- [WHAT IS EXPECTED]
Scan the records beneath this line for the line holding "have [] := cost_SR_sound C_SR a_Iprev a_C." and the line holding "by split=> //;", then transcribe exactly those two and all lines between.

Data entries
###
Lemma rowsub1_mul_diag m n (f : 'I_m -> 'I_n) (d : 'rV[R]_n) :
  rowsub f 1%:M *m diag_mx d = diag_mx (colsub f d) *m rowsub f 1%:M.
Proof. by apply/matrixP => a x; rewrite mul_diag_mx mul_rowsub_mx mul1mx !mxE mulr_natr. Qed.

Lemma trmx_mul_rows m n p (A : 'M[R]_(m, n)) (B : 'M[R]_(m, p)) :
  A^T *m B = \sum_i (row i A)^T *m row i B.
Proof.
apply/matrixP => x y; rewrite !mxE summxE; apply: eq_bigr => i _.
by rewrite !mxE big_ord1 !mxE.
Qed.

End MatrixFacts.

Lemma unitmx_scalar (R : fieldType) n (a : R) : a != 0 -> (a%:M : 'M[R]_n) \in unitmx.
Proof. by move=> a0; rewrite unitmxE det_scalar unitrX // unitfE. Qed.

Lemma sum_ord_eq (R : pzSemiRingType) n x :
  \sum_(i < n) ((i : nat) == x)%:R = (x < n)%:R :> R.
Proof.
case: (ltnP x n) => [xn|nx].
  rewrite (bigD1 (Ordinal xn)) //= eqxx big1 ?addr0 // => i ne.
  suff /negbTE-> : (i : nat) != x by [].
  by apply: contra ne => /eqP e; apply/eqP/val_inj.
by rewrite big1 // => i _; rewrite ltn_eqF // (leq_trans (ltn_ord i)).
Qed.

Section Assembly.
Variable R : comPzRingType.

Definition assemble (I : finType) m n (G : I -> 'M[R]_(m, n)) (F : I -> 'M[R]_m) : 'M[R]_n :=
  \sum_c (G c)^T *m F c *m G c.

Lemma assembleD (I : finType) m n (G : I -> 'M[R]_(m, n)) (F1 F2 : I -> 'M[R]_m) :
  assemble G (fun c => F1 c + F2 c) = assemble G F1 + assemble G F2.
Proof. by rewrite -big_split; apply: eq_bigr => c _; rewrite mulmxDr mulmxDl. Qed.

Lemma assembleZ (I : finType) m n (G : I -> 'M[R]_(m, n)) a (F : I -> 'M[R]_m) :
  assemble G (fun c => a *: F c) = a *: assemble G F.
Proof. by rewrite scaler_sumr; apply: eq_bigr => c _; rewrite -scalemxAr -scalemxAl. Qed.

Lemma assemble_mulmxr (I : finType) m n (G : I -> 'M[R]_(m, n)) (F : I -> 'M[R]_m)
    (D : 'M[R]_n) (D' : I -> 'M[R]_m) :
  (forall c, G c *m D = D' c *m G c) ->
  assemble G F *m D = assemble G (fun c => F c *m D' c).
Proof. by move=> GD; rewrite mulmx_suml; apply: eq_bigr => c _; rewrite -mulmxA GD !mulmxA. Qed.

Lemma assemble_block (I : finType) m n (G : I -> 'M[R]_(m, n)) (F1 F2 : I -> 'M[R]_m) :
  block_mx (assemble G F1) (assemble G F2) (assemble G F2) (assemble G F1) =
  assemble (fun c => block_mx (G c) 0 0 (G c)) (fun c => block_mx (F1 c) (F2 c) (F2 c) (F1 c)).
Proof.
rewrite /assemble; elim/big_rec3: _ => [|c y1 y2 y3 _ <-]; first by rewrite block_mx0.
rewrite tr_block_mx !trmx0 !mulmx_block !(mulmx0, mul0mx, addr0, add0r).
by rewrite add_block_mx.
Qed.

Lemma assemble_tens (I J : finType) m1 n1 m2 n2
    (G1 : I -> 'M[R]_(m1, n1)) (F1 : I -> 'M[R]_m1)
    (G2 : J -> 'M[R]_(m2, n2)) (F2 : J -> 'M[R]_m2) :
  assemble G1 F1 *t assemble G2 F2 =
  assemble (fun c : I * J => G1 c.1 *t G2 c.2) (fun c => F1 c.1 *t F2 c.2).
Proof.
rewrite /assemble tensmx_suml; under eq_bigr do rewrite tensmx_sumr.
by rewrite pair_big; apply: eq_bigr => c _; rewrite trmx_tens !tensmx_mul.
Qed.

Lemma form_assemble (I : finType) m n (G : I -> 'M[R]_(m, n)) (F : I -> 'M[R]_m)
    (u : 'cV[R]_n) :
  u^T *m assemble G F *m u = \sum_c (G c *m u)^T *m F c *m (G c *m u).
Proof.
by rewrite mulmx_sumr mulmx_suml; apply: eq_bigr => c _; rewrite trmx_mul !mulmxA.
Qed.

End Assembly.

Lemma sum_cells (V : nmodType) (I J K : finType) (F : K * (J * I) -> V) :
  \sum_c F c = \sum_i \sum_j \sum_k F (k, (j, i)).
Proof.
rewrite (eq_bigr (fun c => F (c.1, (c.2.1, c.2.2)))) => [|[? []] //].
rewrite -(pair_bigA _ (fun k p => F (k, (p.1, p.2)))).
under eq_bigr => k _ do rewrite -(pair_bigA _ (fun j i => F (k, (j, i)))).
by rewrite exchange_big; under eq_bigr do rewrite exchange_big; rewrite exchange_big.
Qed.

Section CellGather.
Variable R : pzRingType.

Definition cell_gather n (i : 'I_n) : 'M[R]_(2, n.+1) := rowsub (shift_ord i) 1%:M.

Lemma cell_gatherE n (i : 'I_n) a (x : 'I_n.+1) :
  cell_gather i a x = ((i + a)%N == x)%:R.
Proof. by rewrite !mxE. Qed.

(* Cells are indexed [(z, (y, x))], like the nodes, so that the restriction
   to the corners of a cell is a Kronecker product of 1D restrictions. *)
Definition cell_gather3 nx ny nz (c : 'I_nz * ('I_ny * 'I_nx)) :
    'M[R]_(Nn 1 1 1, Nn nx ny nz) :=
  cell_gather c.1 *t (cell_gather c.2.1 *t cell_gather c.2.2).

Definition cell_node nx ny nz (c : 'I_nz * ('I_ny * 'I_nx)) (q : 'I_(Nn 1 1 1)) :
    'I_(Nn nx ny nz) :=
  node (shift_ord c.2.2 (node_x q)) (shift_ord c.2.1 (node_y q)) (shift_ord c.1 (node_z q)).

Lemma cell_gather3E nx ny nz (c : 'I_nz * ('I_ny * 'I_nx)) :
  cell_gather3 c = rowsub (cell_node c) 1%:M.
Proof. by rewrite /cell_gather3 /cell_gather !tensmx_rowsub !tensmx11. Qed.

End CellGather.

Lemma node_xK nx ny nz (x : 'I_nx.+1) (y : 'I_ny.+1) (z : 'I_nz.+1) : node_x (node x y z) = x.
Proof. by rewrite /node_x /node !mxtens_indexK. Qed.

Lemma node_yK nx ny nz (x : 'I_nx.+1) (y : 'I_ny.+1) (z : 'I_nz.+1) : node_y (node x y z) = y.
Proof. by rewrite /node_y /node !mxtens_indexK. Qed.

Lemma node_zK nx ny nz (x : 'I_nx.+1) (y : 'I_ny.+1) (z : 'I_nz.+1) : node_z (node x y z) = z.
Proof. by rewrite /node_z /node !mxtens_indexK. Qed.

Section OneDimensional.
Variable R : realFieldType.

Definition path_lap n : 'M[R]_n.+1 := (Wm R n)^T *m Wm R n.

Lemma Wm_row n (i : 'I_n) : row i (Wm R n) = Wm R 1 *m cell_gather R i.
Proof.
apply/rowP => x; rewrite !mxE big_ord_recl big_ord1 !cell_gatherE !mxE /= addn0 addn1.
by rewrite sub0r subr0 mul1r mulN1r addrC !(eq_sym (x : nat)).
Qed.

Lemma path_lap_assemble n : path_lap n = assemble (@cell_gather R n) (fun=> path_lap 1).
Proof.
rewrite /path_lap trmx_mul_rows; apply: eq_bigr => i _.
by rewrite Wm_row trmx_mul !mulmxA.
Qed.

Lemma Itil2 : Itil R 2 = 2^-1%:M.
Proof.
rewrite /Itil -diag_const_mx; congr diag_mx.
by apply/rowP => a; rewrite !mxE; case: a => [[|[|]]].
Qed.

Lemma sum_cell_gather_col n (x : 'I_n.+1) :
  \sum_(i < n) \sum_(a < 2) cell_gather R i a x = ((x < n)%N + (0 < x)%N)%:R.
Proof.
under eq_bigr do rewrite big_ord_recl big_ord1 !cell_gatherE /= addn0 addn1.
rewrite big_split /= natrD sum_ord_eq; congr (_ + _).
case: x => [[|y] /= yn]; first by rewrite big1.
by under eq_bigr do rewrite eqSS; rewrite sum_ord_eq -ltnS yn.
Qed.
###
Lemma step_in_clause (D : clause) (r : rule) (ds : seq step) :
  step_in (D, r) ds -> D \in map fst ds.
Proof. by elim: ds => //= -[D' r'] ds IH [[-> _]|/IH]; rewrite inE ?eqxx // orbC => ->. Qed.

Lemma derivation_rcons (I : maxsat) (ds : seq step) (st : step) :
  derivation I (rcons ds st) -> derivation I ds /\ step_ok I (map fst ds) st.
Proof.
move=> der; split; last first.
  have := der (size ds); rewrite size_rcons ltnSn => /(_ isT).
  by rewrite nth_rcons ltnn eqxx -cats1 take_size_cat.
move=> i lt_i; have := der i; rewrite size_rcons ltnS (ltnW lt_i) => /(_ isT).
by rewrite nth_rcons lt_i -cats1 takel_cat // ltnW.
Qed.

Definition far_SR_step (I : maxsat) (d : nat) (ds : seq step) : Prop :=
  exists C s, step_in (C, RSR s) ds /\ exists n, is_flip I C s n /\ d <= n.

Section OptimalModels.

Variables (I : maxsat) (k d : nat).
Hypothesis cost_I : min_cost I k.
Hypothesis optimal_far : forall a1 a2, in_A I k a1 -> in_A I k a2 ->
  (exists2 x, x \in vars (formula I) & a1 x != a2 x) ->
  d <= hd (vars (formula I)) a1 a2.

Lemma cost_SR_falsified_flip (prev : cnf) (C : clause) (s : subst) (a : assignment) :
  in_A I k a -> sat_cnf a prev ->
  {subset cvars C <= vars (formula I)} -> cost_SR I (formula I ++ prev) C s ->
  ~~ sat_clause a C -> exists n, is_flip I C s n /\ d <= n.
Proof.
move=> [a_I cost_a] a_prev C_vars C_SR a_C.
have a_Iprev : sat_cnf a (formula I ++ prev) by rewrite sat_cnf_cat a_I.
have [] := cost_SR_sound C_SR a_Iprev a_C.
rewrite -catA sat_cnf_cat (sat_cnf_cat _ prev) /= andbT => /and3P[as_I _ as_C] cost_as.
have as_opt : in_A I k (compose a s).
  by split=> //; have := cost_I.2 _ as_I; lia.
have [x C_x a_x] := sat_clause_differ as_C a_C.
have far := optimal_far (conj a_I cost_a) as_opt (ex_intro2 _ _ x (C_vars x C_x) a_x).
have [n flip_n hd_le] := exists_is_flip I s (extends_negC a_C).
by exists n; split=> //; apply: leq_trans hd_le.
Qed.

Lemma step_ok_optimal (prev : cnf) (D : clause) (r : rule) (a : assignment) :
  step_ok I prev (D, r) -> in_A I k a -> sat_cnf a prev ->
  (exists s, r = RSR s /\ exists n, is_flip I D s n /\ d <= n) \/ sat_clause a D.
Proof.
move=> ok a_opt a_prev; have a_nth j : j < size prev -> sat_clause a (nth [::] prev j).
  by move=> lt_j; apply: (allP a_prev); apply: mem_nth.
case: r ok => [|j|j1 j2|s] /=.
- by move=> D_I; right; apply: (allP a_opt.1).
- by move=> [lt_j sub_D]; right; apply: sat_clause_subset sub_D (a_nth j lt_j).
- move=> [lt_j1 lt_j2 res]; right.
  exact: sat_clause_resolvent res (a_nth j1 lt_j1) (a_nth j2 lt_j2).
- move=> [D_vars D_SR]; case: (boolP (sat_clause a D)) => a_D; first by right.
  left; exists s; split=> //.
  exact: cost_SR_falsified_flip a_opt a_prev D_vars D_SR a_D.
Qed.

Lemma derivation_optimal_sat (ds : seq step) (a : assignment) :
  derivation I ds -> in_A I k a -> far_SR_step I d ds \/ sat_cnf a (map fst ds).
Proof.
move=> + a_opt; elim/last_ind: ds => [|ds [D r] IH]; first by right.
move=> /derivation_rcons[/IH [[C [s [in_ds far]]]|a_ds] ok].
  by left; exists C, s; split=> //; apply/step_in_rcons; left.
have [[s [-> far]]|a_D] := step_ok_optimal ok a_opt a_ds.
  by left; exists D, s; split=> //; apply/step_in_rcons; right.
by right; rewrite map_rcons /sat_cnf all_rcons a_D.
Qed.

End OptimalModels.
###
- [ANSWER TO THE EXERCISE]
have [] := cost_SR_sound C_SR a_Iprev a_C.
rewrite -catA sat_cnf_cat (sat_cnf_cat _ prev) /= andbT => /and3P[as_I _ as_C] cost_as.
have as_opt : in_A I k (compose a s).
  by split=> //; have := cost_I.2 _ as_I; lia.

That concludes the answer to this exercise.